The only solution I have right now is using a C program that bruteforces all combinations, checks if the constraints are satisfied and outputs an array of configs for the subset of frequencies I need. If I need a new frequency I have to re-run my program and update the array. It works but is far from ideal.
Unfortunately all the tutorials I find online for this CP thing are using prolog or some third party library in C++, which is of course not practical for kernel programming...
If I could implement a clever solver that would run fast enough (unlike my bruteforce solution) I could just do it dynamically in the driver and it'd be much more elegant.
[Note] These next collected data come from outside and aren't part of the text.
Lemma cvgc_ge0 s l : (forall n, 0 <= s n) -> cvgc s l -> 0 <= l.
Proof.
move=> hp hs; have ReB n : complex.Re (s n - l) = complex.Re (s n) - complex.Re l.
  by case: (s n) => ? ?; case: (l).
have hIm : complex.Im l = 0.
  apply/eqP; rewrite -sqrf_eq0 eq_le sqr_ge0 andbT; apply: le0_lt_pos => e he.
  have [N h] := hs _ he; have := h N (leqnn N); have := sqrIm_le_normc2 (s N - l).
  have := hp N; rewrite lecE => /andP[/eqP hI _].
  have -> : complex.Im (s N - l) = - complex.Im l.
    by move: hI; case: (s N) => a b /= ->; rewrite raddfB /= add0r.
  by rewrite sqrrN; lra.
rewrite lecE hIm eqxx /= leNgt; apply/negP => hlt.
have : 0 < complex.Re l ^+ 2 by rewrite -sqrrN exprn_gt0 // oppr_gt0.
move=> /hs[N h].
have := h N (leqnn N); have := sqrRe_le_normc2 (s N - l); rewrite ReB.
have := hp N; rewrite lecE => /andP[_]; set a := complex.Re (s N).
nra.
Qed.

Lemma ler_cvgc s t l m : (forall n, s n <= t n) -> cvgc s l -> cvgc t m -> l <= m.
Proof.
move=> hst hs ht; rewrite -subr_ge0.
by apply: cvgc_ge0 (cvgcB ht hs) => n; rewrite subr_ge0.
Qed.

Lemma cvgc_normE s l : cvgc s l <->
  (forall e : R, 0 < e -> exists N, forall n, (N <= n)%N -> `|s n - l| < e%:C).
Proof.
split=> hs e he.
  have [N hN] := hs _ (exprn_gt0 2 he); exists N => n /hN.
  by rewrite ltc_normE.
have hm : 0 < Num.min e 1 by rewrite lt_min he ltr01.
have [N hN] := hs _ hm; exists N => n /hN; rewrite ltc_normE //.
have : Num.min e 1 <= e by rewrite ge_min lexx.
have : Num.min e 1 <= 1 by rewrite ge_min lexx orbT.
by move: hm; set x := Num.min e 1; nra.
Qed.

End ComplexLimits.

Lemma quad_ge0_le (R : realFieldType) (A B n : R) : 0 <= A -> 0 <= B ->
  (forall t, 0 <= A - 2 * t * n + t ^+ 2 * n * B) -> n <= A * B.
Proof.
move=> hA hB h; have [B0|Bpos] := eqVneq B 0.
  have [n0|n_neq0] := eqVneq n 0; first by rewrite n0 mulr_ge0.
  have := h ((A + 1) / n); rewrite B0 mulr0 addr0.
  have : (A + 1) / n * n = A + 1 by rewrite divfK.
  by set q := _ / n; nra.
have hB' : 0 < B by rewrite lt_def Bpos.
have hq : B^-1 * B = 1 by rewrite mulVf.
have := mulr_ge0 (h B^-1) (ltW hB'); set q := B^-1.
have -> : (A - 2 * q * n + q ^+ 2 * n * B) * B = A * B - n * (q * B) * (2 - q * B) by ring.
by rewrite hq; lra.
Qed.

Section CauchySchwarz.
Variable R : realType.
Local Notation C := R[i].
Variables (W : lmodType C) (b : W -> W -> C) (P : W -> Prop).
Hypothesis b_linear : forall a x y z, b (a *: x + y) z = a * b x z + b y z.
Hypothesis P_linear : forall a x y, P x -> P y -> P (a *: x + y).
Hypothesis b_hermitian : forall x y, P x -> P y -> b y x = conjc (b x y).
Hypothesis b_ge0 : forall x, P x -> 0 <= b x x.

Lemma b_antilinear x y z a : P x -> P y -> P z ->
  b z (a *: x + y) = conjc a * b z x + b z y.
Proof.
move=> hx hy hz; rewrite (b_hermitian (P_linear a hx hy) hz) b_linear.
by rewrite (b_hermitian hz hx) (b_hermitian hz hy) conjcD conjcM !conjcK.
Qed.

Lemma cauchy_schwarz x y : P x -> P y ->
  normc2 (b x y) <= complex.Re (b x x) * complex.Re (b y y).
Proof.
move=> hx hy; set beta := b x y; set A := complex.Re (b x x); set B := complex.Re (b y y).
have hA : 0 <= A by apply/ge0_Re/b_ge0.
apply: quad_ge0_le => // [|t]; first exact/ge0_Re/b_ge0.
have := b_ge0 (P_linear (- (t%:C * beta)) hy hx).
rewrite b_linear !b_antilinear // (ge0_realcE (b_ge0 hx)) (ge0_realcE (b_ge0 hy)).
rewrite -/A -/B (b_hermitian hx hy) -/beta conjcN conjcM conjc_real.
have -> : - (t%:C * beta) * (- (t%:C * conjc beta) * B%:C + conjc beta) +
   (- (t%:C * conjc beta) * beta + A%:C) =
   A%:C - 2%:R * t%:C * (beta * conjc beta) + t%:C ^+ 2 * (beta * conjc beta) * B%:C by ring.
rewrite mulcJ; set n := normc2 beta; have -> : A%:C - 2%:R * t%:C * n%:C + t%:C ^+ 2 * n%:C * B%:C =
    (A - 2 * t * n + t ^+ 2 * n * B)%:C :> C.
  by apply/eqP; rewrite eq_complex /=; apply/andP; split; apply/eqP; ring.
by rewrite ler0c.
Qed.

End CauchySchwarz.

Section InnerProductSpace.
Variable R : realType.
Local Notation C := R[i].
Variables (U : lmodType C) (ip : U -> U -> C).
Hypothesis hip : inner_product ip.
Implicit Types (x y z : U) (u w : nat -> U).

Lemma ipDZl a x y z : ip (a *: x + y) z = a * ip x z + ip y z.
Proof. by case: hip => h _ _ _; apply: h. Qed.
Lemma ipC x y : ip y x = conjc (ip x y).
Proof. by case: hip => _ h _ _; apply: h. Qed.
Lemma ip_ge0 x : 0 <= ip x x.
Proof. by case: hip => _ _ h _; apply: h. Qed.
Lemma ip_eq0 x : ip x x = 0 -> x = 0.
Proof. by case: hip => _ _ _ h; apply: h. Qed.

Lemma ipDl x y z : ip (x + y) z = ip x z + ip y z.
Proof. by rewrite -[x]scale1r ipDZl mul1r scale1r. Qed.
Lemma ip0l z : ip 0 z = 0.
Proof. by apply: (addrI (ip 0 z)); rewrite -ipDl !addr0. Qed.
Lemma ipZl a x z : ip (a *: x) z = a * ip x z.
Proof. by rewrite -[a *: x]addr0 ipDZl ip0l addr0. Qed.
Lemma ipNl x z : ip (- x) z = - ip x z.
Proof. by rewrite -scaleN1r ipZl mulN1r. Qed.
Lemma ipBl x y z : ip (x - y) z = ip x z - ip y z.
Proof. by rewrite ipDl ipNl. Qed.
Lemma ipDr x y z : ip z (x + y) = ip z x + ip z y.
Proof. by rewrite ipC ipDl conjcD -!ipC. Qed.
Lemma ipZr a x z : ip z (a *: x) = conjc a * ip z x.
Proof. by rewrite ipC ipZl conjcM -ipC. Qed.
Lemma ip0r z : ip z 0 = 0.
Proof. by rewrite ipC ip0l conjc0. Qed.
Lemma ipNr x z : ip z (- x) = - ip z x.
Proof. by rewrite ipC ipNl conjcN -ipC. Qed.
Lemma ipBr x y z : ip z (x - y) = ip z x - ip z y.
Proof. by rewrite ipDr ipNr. Qed.

Definition sqnorm x := complex.Re (ip x x).

Lemma sqnormE x : ip x x = (sqnorm x)%:C.
Proof. exact: ge0_realcE (ip_ge0 x). Qed.
Lemma sqnorm_ge0 x : 0 <= sqnorm x.
Proof. exact: ge0_Re (ip_ge0 x). Qed.
Lemma sqnorm_eq0 x : sqnorm x = 0 -> x = 0.
Proof. by move=> h; apply: ip_eq0; rewrite sqnormE h. Qed.
Lemma sqnorm0 : sqnorm 0 = 0.
Proof. by rewrite /sqnorm ip0l. Qed.
Lemma sqnormN x : sqnorm (- x) = sqnorm x.
Proof. by rewrite /sqnorm ipNl ipNr opprK. Qed.
Lemma sqnormZ a x : sqnorm (a *: x) = normc2 a * sqnorm x.
Proof. by rewrite /sqnorm ipZl ipZr mulrA mulcJ sqnormE /=; ring. Qed.

Lemma sqnormDZr (t : R) x y :
  sqnorm (t%:C *: x + y) = t ^+ 2 * sqnorm x + 2 * t * complex.Re (ip x y) + sqnorm y.
Proof.
rewrite /sqnorm !(ipDl, ipDr, ipZl, ipZr) conjc_real !ReD !ReMr.
by rewrite [ip y x]ipC ReJ /sqnorm; ring.
Qed.

Lemma ip_cauchy_schwarz x y : normc2 (ip x y) <= sqnorm x * sqnorm y.
Proof.
apply: (@cauchy_schwarz R U ip (fun=> True)) => //.
- exact: ipDZl.
- by move=> *; apply: ipC.
- by move=> *; apply: ip_ge0.
Qed.

Lemma sqnorm_parallelogram x y :
  sqnorm (x + y) + sqnorm (x - y) = 2 * sqnorm x + 2 * sqnorm y.
Proof.
have : ip (x + y) (x + y) + ip (x - y) (x - y) = 2%:R * ip x x + 2%:R * ip y y.
  by rewrite !ipDl !ipNl !ipDr !ipNr; ring.
by rewrite !sqnormE => /(congr1 (@complex.Re R)) /= ->; ring.
Qed.

Lemma sqnormD x y : sqnorm (x + y) <= 2 * sqnorm x + 2 * sqnorm y.
Proof. by have := sqnorm_parallelogram x y; have := sqnorm_ge0 (x - y); lra. Qed.

Lemma sqnormB_trans x y z : sqnorm (x - z) <= 2 * sqnorm (x - y) + 2 * sqnorm (y - z).
Proof. by rewrite -[x - z](subrKA y); apply: sqnormD. Qed.

Definition cvgv u x := forall e : R, 0 < e ->
  exists N, forall n, (N <= n)%N -> sqnorm (u n - x) < e.

Definition cauchyv u := forall e : R, 0 < e ->
  exists N, forall n m, (N <= n)%N -> (N <= m)%N -> sqnorm (u n - u m) < e.

Lemma ltc_sqnorm x e : (`|ip x x| < e%:C) = (sqnorm x < e).
Proof. by rewrite sqnormE ger0_norm ?ler0c ?sqnorm_ge0 // ltcR. Qed.

Lemma converges_toE u x : converges_to ip u x <-> cvgv u x.
Proof. by split=> h e /h[N hN]; exists N => n /hN; rewrite ltc_sqnorm. Qed.

Lemma cauchy_seqE u : cauchy_seq ip u <-> cauchyv u.
Proof. by split=> h e /h[N hN]; exists N => n m /hN hn /hn; rewrite ltc_sqnorm. Qed.

Lemma cvgv_cauchy u x : cvgv u x -> cauchyv u.
Proof.
move=> h e he; have [N hN] := h _ (divr_gt0 he (ltr0Sn _ 3)).
exists N => n m /hN hn /hN hm; have := sqnormB_trans (u n) x (u m).
by rewrite -sqnormN opprB in hm; lra.
Qed.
But I really don't know where to start. Any pointers/things to google for?
Are you proposing to write a simple constraint solver in C? If it's specific to your problem i.e. not too general, it's not the craziest idea I've ever heard.
I don't mind fielding questions over the basic theory if you want to email me (iain at my domain).
I think the best advice I could give you is to be aware that what you're hoping for -- an algorithm with performance bounds tight enough that you can use it in a device driver -- probably doesn't exist. There is some chance, admittedly, that you will get lucky and find some structure in the problem that you can exploit to produce such an algorithm. But it's also entirely possible that there isn't any such structure, and the fact that you've resorted to brute force search to this point suggests there may not be.
Even if there isn't, there is still hope for ways to search the space faster. This problem sounds like something that an SMT solver might work well on. I would give that a try.
Here is a collection of open source Operations Research (CP and LP falls under the umbrella of Operations Research) projects: http://www.coin-or.org/projects/
There are many fantastic open source libraries in there to handle many types of optimization or assignment.
First we start with what 'mathematical' programming
(optimization) is. For a reasonably general definition,
let R denote the set of real numbers and m and n be
positive integers. Let R^n be real n-dimensional
space, that is, the set of n-tuples of real numbers.
Let x be in R^n.
Next we have two functions. We have an 'objective'
function f: R^n --> R, and we have a 'constraint'
function g: R^n --> R^m. We can think of g as
m functions mapping R^n --> R. Then the optimization
problem is to find x so that f(x) is as large as
possible while g(x) = 0 where here 0 is the
point in R^m with all components 0. Or we can
ask that g(x) <= 0 by which we mean that each of
the m components of g(x) is <= 0 in R. In 'linear
programming', functions f and g are both linear.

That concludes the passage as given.